Even-flow harvest: A harvesting scheme designed to extract exactly the same volume of wood fiber each period.

Evergreens: Any plant that retains its leaves through the winter and into the following summer or through several years. Many tropical species of broad-leaved Flowering Plants are evergreen, but in cold-temperate and Arctic areas the evergreens commonly are cone-bearing shrubs or trees (Conifers), such as Pines and Firs. The leaves of evergreens usually are thicker and more leathery than those of Deciduous Trees and often are needlelike or scale like in cone-bearing trees. A leaf (or needle) may remain on an evergreen tree for two years or longer and may fall during any season.
Everlasting: Any of several plants that retain their form and colour when dried and are used in dry bouquets and flower arrangements. Popular everlastings include several species of the Composite Family, especially the true everlastings, or immortelles, species of the genus Helichrysum, native to North Africa, Crete, and the parts of Asia bordering on the Mediterranean and cultivated in many parts of Europe. One of the best known everlastings is the strawflower (H. bracteatum) of Australia. Many Grasses with showy plumes or spikes are classified as everlastings.
Evidence: In law, something (e.g., testimony, documents, or physical objects) presented at a judicial or administrative proceeding for the purpose of establishing the truth or falsity of an allegation of fact. To preserve legal due process and to prevent the jury from being misled, an extensive body of rules has sprung up regarding the handling of evidence. In the U.S., all federal and many state courts adhere to the Federal Rules of Evidence, which covers such elements as types of evidence, admissibility, relevance, competency of witnesses, confessions and admissions, expert testimony, and authentication. Most evidence received at trial is in the form of verbal statements of witnesses, who are subject to questioning by attorneys from both sides. Two important categories of evidence are direct evidence, which is offered by a witness whose knowledge of a factual matter is firsthand (as through sight or hearing), and circumstantial evidence.
Evolution: Biological theory that animals and plants have their origin in other preexisting types and that the distinguishable differences are due to modifications in successive generations. It is one of the keystones of modern biological theory. In 1858 Charles Darwin and Alfred Russel Wallace jointly published a paper on evolution. The next year Darwin presented his major treatise On the Origin of Species by Means of Natural Selection, which revolutionized all later biological study. The heart of Darwinian evolution is the mechanism of Natural Selection. Surviving individuals, which vary (See Variation) in some way that enables them to live longer and reproduce, pass on their advantage to succeeding generations.
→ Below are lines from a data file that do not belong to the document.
(* Let $t\ge1$, $F=\mathbb{F}_{2^t}$, $A\subseteq F$ with $|A|=n\le 2^t$, and let $k$ satisfy $r=n-k\ge 2$. Let $\alpha^*\in A$, choose $z_1,\dots,z_t\in F$ such that $\beta_i:=\alpha^*-z_i$ ($i=1,\dots,t$) form a basis of $F$ over $\mathbb{F}_2$, and set $g_i(x)=\beta_i(x-z_i)$. Then the check polynomials $g_1,\dots,g_t$ yield a linear repair scheme over $\mathbb{F}_2$ for the codeword symbol $f(\alpha^* )$ of the Reed-Solomon code $\mathrm{RS}(A,k)$ with repair bandwidth at most $(n-1)(t-1)$ bits. Moreover, when $n=|F|=2^t$ and $r=2$, this repair bandwidth is optimal, i.e. no linear repair scheme over $\mathbb{F}_2$ for a single erased symbol has bandwidth smaller than $(n-1)(t-1)$ bits.
   Context: $\mathrm{RS}(A,k)=\{(f(\alpha))_{\alpha\in A} : f\in F[x],\ \deg f<k\}$, with $f(\alpha)$ stored at node $\alpha$. Every polynomial $g\in F[x]$ of degree at most $r-1$ gives a dual codeword (a check), i.e. $\sum_{\alpha\in A}\lambda_\alpha g(\alpha)f(\alpha)=0$ for fixed nonzero multipliers $\lambda_\alpha$. Given checks $g_1,\dots,g_t$ of degree at most $r-1$ with $\mathrm{rank}_{\mathbb{F}_2}\{g_i(\alpha^* )\}_i=t$, one obtains a linear repair scheme over $\mathbb{F}_2$: applying the trace $\mathrm{Tr}_{F/\mathbb{F}_2}$ to the check equations, the replacement node recovers the $t$ independent traces $\mathrm{Tr}(\lambda_{\alpha^*}g_i(\alpha^* )f(\alpha^* ))$ by downloading from node $\alpha\ne\alpha^*$ exactly $b_\alpha=\mathrm{rank}_{\mathbb{F}_2}\{g_1(\alpha),\dots,g_t(\alpha)\}$ sub-symbols; the repair bandwidth is $\sum_{\alpha\ne\alpha^*}b_\alpha$ sub-symbols. In general a linear repair scheme over $\mathbb{F}_2$ is one where each node sends $\mathbb{F}_2$-linear functions of its symbol and $f(\alpha^* )$ is recovered $\mathbb{F}_2$-linearly; its bandwidth is the total number of bits downloaded. *)

From HB Require Import structures.
From mathcomp Require Import all_boot all_order all_algebra all_field.
Set Implicit Arguments. Unset Strict Implicit. Unset Printing Implicit Defensive.
Import GRing.Theory.
Local Open Scope ring_scope.
(* $Z^*(G)=Z^*(\hat G)$. Moreover, there exists an optimal $\hat G$-r-forest (one attaining $Z^*(\hat G)$) with at most $2r-2$ non-terminal vertices.
   Context: Let $G=(V,E)$ be a connected undirected network with $n$ vertices and edge lengths $c_e>0$. Let $\mathcal R$ be a set of $r\ge2$ relevant pairs (r-pairs) of vertices, with $r$ a fixed constant. A terminal vertex is a vertex belonging to some r-pair. Problem A (general objective) on a network $H$ with vertex set $V$: build edges one at a time at unit speed from time $0$, in some sequence of distinct edges. The connection time of an r-pair $\{u,v\}$ is the earliest time at which $u$ and $v$ are joined by a path of completed edges. The objective $\Phi$ is a non-decreasing function of the connection times of the r-pairs (computable in $O(r)$ time from them), and is to be minimized. It suffices to consider sequences whose edges form a spanning tree of $H$. $\hat G$ is the metric closure of $G$: the complete network on $V$ whose edge $(u,v)$ has length equal to the shortest-path distance in $G$. $Z^*(G)$ and $Z^*(\hat G)$ denote the optimal objective values of Problem A on $G$ and on $\hat G$, respectively, with the same r-pairs and objective. An r-forest in $H$ is a subnetwork that is a forest, joins every r-pair by a path, and each of whose edges lies on the path of some r-pair. For an r-forest, its value is the minimum of $\Phi$ over all orderings of its edges, where the connection time of an r-pair is the completion time of the last-built edge of its path in the forest. A $\hat G$-r-forest is an r-forest in $\hat G$. It is optimal if its value equals $Z^*(\hat G)$. Its non-terminal vertices are its vertices that are not terminal vertices. *)

From HB Require Import structures.
From mathcomp Require Import all_boot all_order all_algebra.
From mathcomp Require Import boolp reals.
Set Implicit Arguments. Unset Strict Implicit. Unset Printing Implicit Defensive.
Import Order.TTheory GRing.Theory Num.Theory.
Local Open Scope ring_scope.

Section Network.
Variables (V : finType) (R : realType).

(* A network on vertex set V is a symmetric adjacency relation [adj]
   (simple graph, no loops) together with edge lengths [len u v].
   Edges are written as ordered pairs (u,v); the edge they denote is the
   unordered pair {u,v}. *)

Definition uedge (e : V * V) : {set V} := [set e.1; e.2].

Definition erel (es : seq (V * V)) : rel V :=
  fun x y => ((x, y) \in es) || ((y, x) \in es).

Definition edge_seq (adj : rel V) (s : seq (V * V)) : bool :=
  all (fun e => adj e.1 e.2) s && uniq (map uedge s).

(* time at which the first k edges of s are completed (unit speed) *)
Definition prefix_time (len : V -> V -> R) (s : seq (V * V)) (k : nat) : R :=
  \sum_(e <- take k s) len e.1 e.2.

(* connection time of {a,b}: the earliest time at which a and b are joined
   by a path of completed edges *)
Definition conn_time (len : V -> V -> R) (s : seq (V * V)) (a b : V) : R :=
  prefix_time len s
    (find (fun k => connect (erel (take k s)) a b) (iota 0 (size s).+1)).

Definition feasible r (p : 'I_r -> V * V) (adj : rel V) (s : seq (V * V)) :=
  edge_seq adj s /\ forall i, connect (erel s) (p i).1 (p i).2.

Definition objective r (p : 'I_r -> V * V) (Phi : ('I_r -> R) -> R)
    (len : V -> V -> R) (s : seq (V * V)) : R :=
  Phi (fun i => conn_time len s (p i).1 (p i).2).

(* z is the optimal value Z^*(H) of Problem A on H = (adj, len) *)
Definition is_opt_value r (p : 'I_r -> V * V) (Phi : ('I_r -> R) -> R)
    (adj : rel V) (len : V -> V -> R) (z : R) : Prop :=
  (exists s, feasible p adj s /\ objective p Phi len s = z) /\
  (forall s, feasible p adj s -> z <= objective p Phi len s).

Fixpoint walk_len (len : V -> V -> R) (x : V) (q : seq V) : R :=
  if q is y :: q' then len x y + walk_len len y q' else 0.

Definition is_shortest_dist (adj : rel V) (len : V -> V -> R)
    (d : V -> V -> R) : Prop :=
  forall u v,
    (exists q, [/\ path adj u q, last u q = v & walk_len len u q = d u v]) /\
    (forall q, path adj u q -> last u q = v -> d u v <= walk_len len u q).

(* adjacency of the metric closure: the complete graph on V *)
Definition complete_adj : rel V := fun u v => u != v.

(* acyclicity of the graph spanned by an edge list: no cycle, i.e. no
   sequence of >= 3 distinct vertices, consecutive (cyclically) ones adjacent *)
Definition is_forest (F : seq (V * V)) : Prop :=
  forall c : seq V, (3 <= size c)%N -> ~ ucycle (erel F) c.

Definition on_path (F : seq (V * V)) (a b : V) (e : V * V) : Prop :=
  exists q, [/\ path (erel F) a q, last a q = b, uniq (a :: q) &
    exists q1 q2, (a :: q = q1 ++ e.1 :: e.2 :: q2) \/
                  (a :: q = q1 ++ e.2 :: e.1 :: q2)].

Definition r_forest r (p : 'I_r -> V * V) (adj : rel V) (F : seq (V * V)) :=
  [/\ edge_seq adj F, is_forest F,
      (forall i, connect (erel F) (p i).1 (p i).2) &
      (forall e, e \in F -> exists i, on_path F (p i).1 (p i).2 e)].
In 1937 Theodosius Dobzhansky applied Mendelian genetics (See Gregor Mendel) to Darwinian Theory, contributing to a new understanding of evolution as the cumulative action of natural selection on small genetic variations in whole populations. Part of the proof of evolution is in the fossil record, which shows a succession of gradually changing forms leading up to those known today. Structural similarities and similarities in embryonic development among living forms also point to common ancestry. Molecular biology (especially the study of genes and proteins) provides the most detailed evidence of evolutionary change. Though the theory of evolution is accepted by nearly the entire scientific community, it has sparked much controversy from Darwin’s time to the present; many of the objections have come from religious leaders and thinkers who believe that elements of the theory conflict with literal interpretations of the Bible.
Exchange rate: Price of one country’s money in relation to another’s. Exchange rates may be fixed or flexible. An exchange rate is fixed when two countries agree to maintain a fixed rate through the use of Monetary Policy. Historically, the most famous fixed exchange-rate system was the Gold Standard; in the late 1850s, one ounce of gold was defined as being worth 20 U.S dollars and 4 pounds sterling, resulting in an exchange rate of 5 dollars per pound. An exchange rate is flexible, or “floating,” when two countries agree to let international market forces determine the rate through Supply and Demand. The rate will fluctuate with a country’s exports and imports. Most world trade currently takes place with flexible exchange rates that fluctuate within relatively fixed limits.
Excretion: Bodily process for disposing of undigested food waste products and nitrogenous by-products of metabolism, regulating water content, maintaining acid-base balance, and controlling osmotic pressure to promote Homeostasis. It refers to both Urination and Defecation and to the processes that take place in the digestive and Urinary Systems, as the kidney and liver filter wastes, toxins, and drugs from the blood and food reaches the last stage of digestion. Ammonia from protein digestion, the primary excretory product, is converted to urea to be excreted in urine.
Excurrent: Excurrent branching is the type of branching that exists in a pine tree.  There is one main trunk with a whorl of branches at each node.  This is also known as Monopodial Branching.
Exfoliation: It is mainly a physical weathering process in which long sheets of rock peel off from an outcrop. In exfoliation, reduction in pressure due to removal of the overlying rock plays an important part. As each stab breaks off, it releases weight from the underlying mass. As a result, its outer layer expands and separates from the rock mass. Exfoliation in commonly seen in homogenous rocks like granite.
Exoskeleton: External skeleton of an insect that protects it.
Exotic: An introduced, non-native tree species.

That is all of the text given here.